6.Science: Is interferon IFN-19 beneficial or harmful? New research has found that it destroys the surface barrier of the lungs after identifying the virus: 10.1126/science.abc3545; doi:10.1126/science.abd2208 Interferon and other cytokines produced by the immune system are important defenses against viral infections, but as we have seen in COVID-19, they can also cause damaging, potentially life-threatening lung inflammation.
recent evidence suggests that an interferon called type III interferon, or interferon xenon (IFN-xenon), can fight viral infections while limiting this inflammatory damage.
lead to clinical trials to test whether type III interferon can be used to treat COVID-19.
, however, in a new study, researchers from Italy and the United States provide evidence that type III interferon increases the risk of life-threatening bacterial "super-infection" in the lungs.
can occur in both influenza and COVID-19.
the researchers warned that giving type III interferon later in the COVID-19 course could do more harm than good.
study was published online June 11, 2020 in the journal Science, with the headline "Type III interferons disrupt the lung epithelial barrier upon viral recognition".

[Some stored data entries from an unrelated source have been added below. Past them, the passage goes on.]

(* Let $-\infty<a<b<\infty$, let $f:[a,b]\times\mathbb{R}\times\mathbb{R}\to\mathbb{R}$, $(x,u,p)\mapsto f(x,u,p)$, be of class $C^3$, and let $\Phi(u)=\int_a^b f(x,u(x),u'(x))\,dx$ on $C^1([a,b])$. Let $u^0\in C^1([a,b])$ be an extremal (i.e. $\frac{d}{dx}f^0_p=f^0_u$ on $[a,b]$) satisfying $f^0_p(a)=f^0_p(b)=0$, and assume there is $c^0>0$ with $f^0_{pp}(x)\ge c^0$ for all $x\in[a,b]$. Let $h$ be a nontrivial solution of the Jacobi equation $\mathcal{A}h=0$ on $[a,b]$ with $\mathcal{B}h(a)=0$. (i) If $h(y)=0$ for some $y\in(a,b]$, or if $\mathcal{B}h(b)\,h(b)<0$, then $u^0$ is not a weak minimizer of $\Phi$ in $C^1([a,b])$. (ii) If $h(y)\neq0$ for all $y\in(a,b]$ and $\mathcal{B}h(b)\,h(b)>0$, then $u^0$ is a strict weak minimizer of $\Phi$ in $C^1([a,b])$.
   Context: For a partial derivative $\mathfrak{f}$ of $f$ (e.g. $f_p,f_u,f_{pp},f_{pu},f_{up},f_{uu}$) write $\mathfrak{f}^0(x)=\mathfrak{f}(x,u^0(x),(u^0)'(x))$. For $h\in C^2([a,b])$ define $\mathcal{B}h=f^0_{pp}h'+f^0_{pu}h$, $\mathcal{C}h=f^0_{up}h'+f^0_{uu}h$ and $\mathcal{A}h=-\frac{d}{dx}(\mathcal{B}h)+\mathcal{C}h$; the Jacobi equation is $\mathcal{A}h=0$. No endpoint constraints are imposed. $u^0$ is a weak minimizer in $C^1([a,b])$ if there is $\varepsilon>0$ with $\Phi(v)\ge\Phi(u^0)$ for all $v\in C^1([a,b])$ with $\|v-u^0\|_{C^1}<\varepsilon$ (where $\|v\|_{C^1}=\max|v|+\max|v'|$); strict if $\Phi(v)>\Phi(u^0)$ for such $v\ne u^0$. *)

From Stdlib Require Import Reals.
From Coquelicot Require Import Coquelicot.
Open Scope R_scope.

Definition cont3 (g : R -> R -> R -> R) : Prop :=
  forall x u p eps, 0 < eps -> exists delta, 0 < delta /\
    forall x' u' p', Rabs (x' - x) < delta -> Rabs (u' - u) < delta ->
      Rabs (p' - p) < delta -> Rabs (g x' u' p' - g x u p) < eps.
(* For every integer $n \geq 3$, the line graph $L(K_n)$ of the complete graph $K_n$ satisfies $c_V(L(K_n)) = 2(n-2)$, $c_E(L(K_n)) \geq n(n-2)/3$, and $c_{E,\mathrm{r}}(L(K_n)) \geq n^2/12$.
   Context: The line graph $L(G)$ has the edges of $G$ as vertices, two being adjacent iff they share an endpoint. Games: players alternate turns, cops first; initially the cop player places all cops, then the robber is placed on a vertex (several pieces may share a position). In a turn each piece of the moving player may stay or make one move (no obligation to move). The robber sits on vertices and moves to adjacent vertices; $v_r$ is his current vertex. Vertex version: cops on vertices moving to adjacent vertices; cops win when every neighbor of $v_r$ is occupied by a cop; $c_V(G)$ is the least number of cops forcing a win in finitely many turns. Edge version: cops sit on edges; a cop on edge $e$ may move to any edge sharing an endpoint with $e$; cops win when every edge incident to $v_r$ is occupied; number $c_E(G)$. Restrictive edge version: as the edge version, but the robber may not move along an edge currently occupied by a cop; number $c_{E,\mathrm{r}}(G)$. *)

From mathcomp Require Import all_boot.
Set Implicit Arguments. Unset Strict Implicit. Unset Printing Implicit Defensive.
(* Two consecutive maximal points a, y along the staircase are adjacent: the
   down-triangle bounded by alpha = alpha a, beta = beta y and the height of
   the higher of the two contains no other point, since any such point lies
   below a maximal point, which would have to sit strictly between a and y. *)
Lemma consecutive_maxima_adjacent (S l l0 l1 : list point) (a y : point) :
  skew_gp S -> StronglySorted stair_lt l ->
  (forall m, In m l <-> In m S /\ maximal S m) ->
  l = l0 ++ a :: y :: l1 -> tri_adj S a y.
Proof.
  intros Hgp Hs Hl Heq. rewrite Heq in Hs.
  apply StronglySorted_app_iff in Hs as (_ & Hs2 & Hcross).
  apply StronglySorted_inv in Hs2 as [Hs3 Ha]. apply StronglySorted_inv in Hs3 as [_ Hy].
  rewrite Forall_forall in Ha, Hy.
  assert (Hay : stair_lt a y) by (apply Ha; left; auto).
  assert (HaS : In a S /\ maximal S a)
    by (apply Hl; rewrite Heq; apply in_or_app; right; left; auto).
  assert (HyS : In y S /\ maximal S y)
    by (apply Hl; rewrite Heq; apply in_or_app; right; right; left; auto).
  destruct Hay as [Hay1 Hay2].
  split; [intro E; subst; lra|].
  pose proof (alpha_beta_sum a) as Ea. pose proof (alpha_beta_sum y) as Ey.
  assert (Hempty : forall r, In r S -> alpha a <= alpha r -> beta y <= beta r ->
                              r = a \/ r = y).
  { intros r Hr H1 H2. destruct (maximal_above S r Hr) as (m & Hm & Hmm & H3 & H4).
    assert (Hml : In m l) by (apply Hl; auto). rewrite Heq in Hml.
    apply in_app_or in Hml as [Hml|[Em|[Em|Hml]]]; try subst m.
    - exfalso. destruct (Hcross m a Hml (or_introl eq_refl)). lra.
    - left. destruct (classic (r = a)) as [|Hne]; auto. exfalso.
      destruct (Hgp r a Hr Hm Hne) as (_ & Hal & _). lra.
    - right. destruct (classic (r = y)) as [|Hne]; auto. exfalso.
      destruct (Hgp r y Hr Hm Hne) as (_ & _ & Hbe). lra.
    - exfalso. destruct (Hy m Hml). lra. }
  destruct (Rle_dec (snd a) (snd y)) as [Hle|Hle].
  - exists (alpha a), (beta y), (snd y). repeat split; try lra.
    intros r Hr H1 H2 _. apply Hempty; auto.
  - exists (alpha a), (beta y), (snd a). repeat split; try lra.
    intros r Hr H1 H2 _. apply Hempty; auto.
Qed.

Fixpoint chain (E : point -> point -> Prop) (l : list point) : Prop :=
  match l with
  | [] => True
  | x :: l' => match l' with [] => True | y :: _ => E x y end /\ chain E l'
  end.

Lemma chain_of_consecutive (E : point -> point -> Prop) (l : list point) :
  (forall l0 a y l1, l = l0 ++ a :: y :: l1 -> E a y) -> chain E l.
Proof.
  induction l as [|a l IH]; simpl; auto. intros H. split.
  - destruct l as [|y l1]; auto. apply (H [] a y l1); reflexivity.
  - apply IH. intros l0 b y l1 ->. apply (H (a :: l0) b y l1); reflexivity.
Qed.

Lemma chain_app (E : point -> point -> Prop) (l1 l2 : list point) :
  chain E (l1 ++ l2) -> chain E l1 /\ chain E l2.
Proof.
  induction l1 as [|a l1 IH]; simpl; [tauto|].
  intros [H1 H2]. destruct (IH H2) as [H3 H4]. split; auto.
  split; auto. destruct l1; simpl; auto.
Qed.

(* A new point c above all of P' is adjacent in P = P' + c to every maximal
   point b of P' that it dominates: the triangle with slanted sides through b
   and top side at the height of c contains only b and c. *)
Lemma top_adjacent_dominated (P P' : list point) (c b : point) :
  (forall z, In z P <-> z = c \/ In z P') -> skew_gp P ->
  In b P' -> maximal P' b -> dominates c b -> tri_adj P c b.
Proof.
  intros HP Hgp Hb Hmax [H1 H2].
  split; [intro E; subst; lra|].
  pose proof (alpha_beta_sum b). pose proof (alpha_beta_sum c).
  exists (alpha b), (beta b), (snd c). repeat split; try lra.
  intros r Hr H3 H4 _. apply HP in Hr as [->|Hr]; [left; auto|].
  right. destruct (classic (r = b)) as [|Hne]; auto. exfalso.
  destruct (Hgp r b) as (_ & Hal & Hbe); auto; try (apply HP; auto).
  apply (Hmax r Hr). split; lra.
Qed.

Fixpoint fapp (f g : forest) : forest :=
  match f with FNil => g | FCons x ch r => FCons x ch (fapp r g) end.

Lemma roots_fapp (f g : forest) : roots (fapp f g) = roots f ++ roots g.
Proof. induction f; simpl; congruence. Qed.

Lemma labels_fapp (f g : forest) : labels (fapp f g) = labels f ++ labels g.
Proof. induction f as [|x ch _ r IHr]; simpl; auto. rewrite IHr, app_assoc. reflexivity. Qed.

Lemma froot_roots (f : forest) (y : point) : froot f = Some y -> In y (roots f).
Proof. destruct f; simpl; intro H; inversion H; auto. Qed.

Fixpoint trees_valid (E : point -> point -> Prop) (f : forest) : Prop :=
  match f with
  | FNil => True
  | FCons x ch r => valid E ch /\ (forall y, froot ch = Some y -> E x y) /\ trees_valid E r
  end.

Lemma valid_iff (E : point -> point -> Prop) (f : forest) :
  valid E f <-> trees_valid E f /\ chain E (roots f).
Proof.
  induction f as [|x ch _ r IHr]; simpl; [tauto|].
  rewrite IHr.
  assert (Hnext : (forall y, froot r = Some y -> E x y) <->
                  match roots r with [] => True | y :: _ => E x y end).
  { destruct r; simpl; split; auto.
    - intros _ y Hy. discriminate.
    - intros H y Hy. inversion Hy; subst; auto. }
  rewrite Hnext. tauto.
Qed.

Lemma trees_valid_fapp (E : point -> point -> Prop) (f g : forest) :
  trees_valid E (fapp f g) <-> trees_valid E f /\ trees_valid E g.
Proof. induction f; simpl; [tauto|]. rewrite IHf2. tauto. Qed.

"Our data suggest that SARS-CoV-2 inhibits the production of interferon in the upper respiratory tract, weakens the immune response, and helps the coronavirus survive," said Dr. Ivan Zanoni, an immunologist at Boston Children's Hospital and author of the paper.
, however, when the coronavirus reaches the lower respiratory tract, there is a strong immune response, including an increase in type III interferon, which we consider harmful.
" !--/ewebeditor:page-!--ewebeditor:page title"-Science: Interferon-assisting in the fight against viral infections can also hinder the repair of lung damage doi: 10.1126/science.abc2061; doi:10.1126/scienc.